For example, in Bossier City, a
whopping 6.6 percent of voters cast their ballots for two tax renewals to
fund public safety services. In Caddo Parish, a special election and a couple of district tax measures prompted turnouts between 6 and 7 percent. In Ouachita Parish for district tax measures,
stunningly-high 3.6 and 2.2 percentages bothered to participate.

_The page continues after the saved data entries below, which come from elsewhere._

Lemma four_point_certificate h u0 t0 S y p1 p2 p3 p4 :
  represents h u0 t0 -> (forall x y, S (x, y) -> h x = y) ->
  S (p1, y) -> S (p2, y) -> S (p3, y) -> S (p4, y) ->
  across p1 < across p2 -> across p2 < across p3 -> across p3 < across p4 ->
  certificate (halfspace_class sp sm) sigma 3 h S.
Proof.
  intros R0 Hlab S1 S2 S3 S4 L12 L23 L34.
  assert (Hneq : forall p q, across p < across q -> p <> q) by (intros p q H ->; lra).
  pose proof (Hneq _ _ L12) as n12; pose proof (Hneq _ _ L23) as n23.
  pose proof (Hneq _ _ L34) as n34.
  assert (n13 : p1 <> p3) by (apply Hneq; lra).
  assert (n24 : p2 <> p4) by (apply Hneq; lra).
  destruct (certificate_or_dip h S y p1 p2 p3) as [|(h2 & C2 & H21 & H22 & H23)];
    auto; try congruence.
  destruct (certificate_or_dip h S y p2 p3 p4) as [|(h3 & C3 & H32 & H33 & H34)];
    auto; try congruence.
  destruct (halfspace_normal_form h2 C2) as (u2 & t2 & R2).
  destruct (halfspace_normal_form h3 C3) as (u3 & t3 & R3).
  destruct (labels_dip h2 u2 t2 y p1 p2 p3 R2 H21 H22 H23) as [D12 D23].
  destruct (labels_dip h3 u3 t3 y p2 p3 p4 R3 H32 H33 H34) as [E23 E34].
  destruct (Rle_or_lt 0 (signed y (gap u0 p2 p3))) as [G0 | G0].
  - apply (certificate_of_triple _ _ h S (p2, y) (p3, y) (p4, y)); auto; try congruence.
    simpl; intros h' Ch' H2 H3 Hsig.
    destruct (halfspace_normal_form h' Ch') as (u & t & R).
    apply (sigma_pair_agree h h' u0 t0 u t y p2 p3 R0 R (Hlab _ _ S2) H2 L23) in Hsig.
    apply Hsig in G0.
    pose proof (gap_transfer y u u3 p2 p3 p3 p4 L23 L34).
    apply (label_mono h' u t y p3 p4 R H3); lra.
  - apply (certificate_of_triple _ _ h S (p2, y) (p3, y) (p1, y)); auto; try congruence.
    simpl; intros h' Ch' H2 H3 Hsig.
    destruct (halfspace_normal_form h' Ch') as (u & t & R).
    apply (sigma_pair_agree h h' u0 t0 u t y p2 p3 R0 R (Hlab _ _ S2) H2 L23) in Hsig.
    assert (G : signed y (gap u p2 p3) < 0) by (apply Rnot_le_lt; rewrite Hsig; lra).
    pose proof (gap_transfer y u2 u p2 p3 p1 p2 L23 L12).
    apply (label_mono h' u t y p2 p1 R H2); rewrite gap_swap, signed_opp; lra.
Qed.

Such turnout is
typical for these kinds of items, especially when there are no
jurisdiction-wide or wider contests decided with them.
Obama had suggested that it would
do the country good to be under some kind of scheme that required people to
vote in elections, presumably along the lines of a place like Australia where people who
do not cast a ballot in an election for all federal offices get fined a small
amount, about US$16. He argued that this would “counteract money,” alleging
that elections in the U.S. are not a product of rational decision-making by the
electorate, but whoever spends the most.
Of course, the data flatly
contradict that money buys elections; rather, money disproportionately gets
attracted to quality candidates who by definition are more likely to win.
Contrary to what Obama thinks, donors are not generally stupid nor irrational;
most give because they think a candidate has what it takes to win.
Yet this scheme precisely would
empower most the least informed and the least rational voters, those most easily
swayed by demagoguery rather than their expending effort to inform and to deliberate
themselves about their choices. This describes the picture of nonvoters, many
of whom care so little about politics that they know almost, if not entirely,
nothing about how government operates, or the candidates and interests involved.
But they do respond most willingly to emotional appeals; does anybody seriously
wish to put the fate of the nation, state, or local governments in the hands of
such people who may comprise at least 30 percent of the potential presidential
electorate?
This figure comes by way of
extrapolation from Australian statistics, and points out another problem with
the idea: people determined not to vote still can avoid it, and without paying
the fine. While around 5 percent would rather pay
the fine, a roughly equal
proportion
deliberately spoil their ballots to avoid it. So even this does not reach a
goal of full participation.
If, in fact, this were possible.
Constitutional scholars pretty much doubt a national law could do it, because of
a right concatenated from the First Amendment not to participate in the
political process and that states conduct elections. As essentially this part
of the Bill of Rights has been incorporated to the states, it’s questionable
whether they could do this in light of the amendment as well. Only a
constitutional amendment with certainty could force this upon the public.
And keep in mind that registration
in Australia and other places with compulsory voting also is compulsory. So,
another legal change would have to happen to make compulsory voting widespread,
where states would have to mandate registration; none comes close to demanding
that now.
That is related to a bad bill filed
for this session of the Louisiana Legislature, SB 44 by state Sen. Karen Peterson, that would
require registration for anybody with a noncommercial drivers’ license,
allowing for opting out and party affiliation by return request. Using these
registrants’ identities, who likely would care little about their registration,
voting by mail would become a vast conduit for potential fraud, as well as
through provisional ballots cast on the basis of not having picture
identification at the polls. Criminal use aside, this would mimic in a diluted
way compulsory voting, where those hardly invested in the political process and
who are registered only because of having a license easily could be swayed by
emotive arguments, putting a premium on rhetoric rather than analysis in a
campaign (as if rhetoric already did not play such a large role in these).
Applying the idea to a local
election such as just witnessed would illustrate the potential for small groups
swaying these relatively non-invested voters. What if an anti-tax shill whipped
up a frenzy among those minimally, if at all, informed about local government by
decrying this voting to tax yourself and sucked in these otherwise indifferent
people to vote against these renewals, only paying attention and casting
ballots because they had to vote and/or get registered, and having them
outnumber the majorities that actually turned out last weekend?
Both compulsory voting and
near-compulsory registration carry malign consequences for governments and the
polities they govern. Neither should come into force.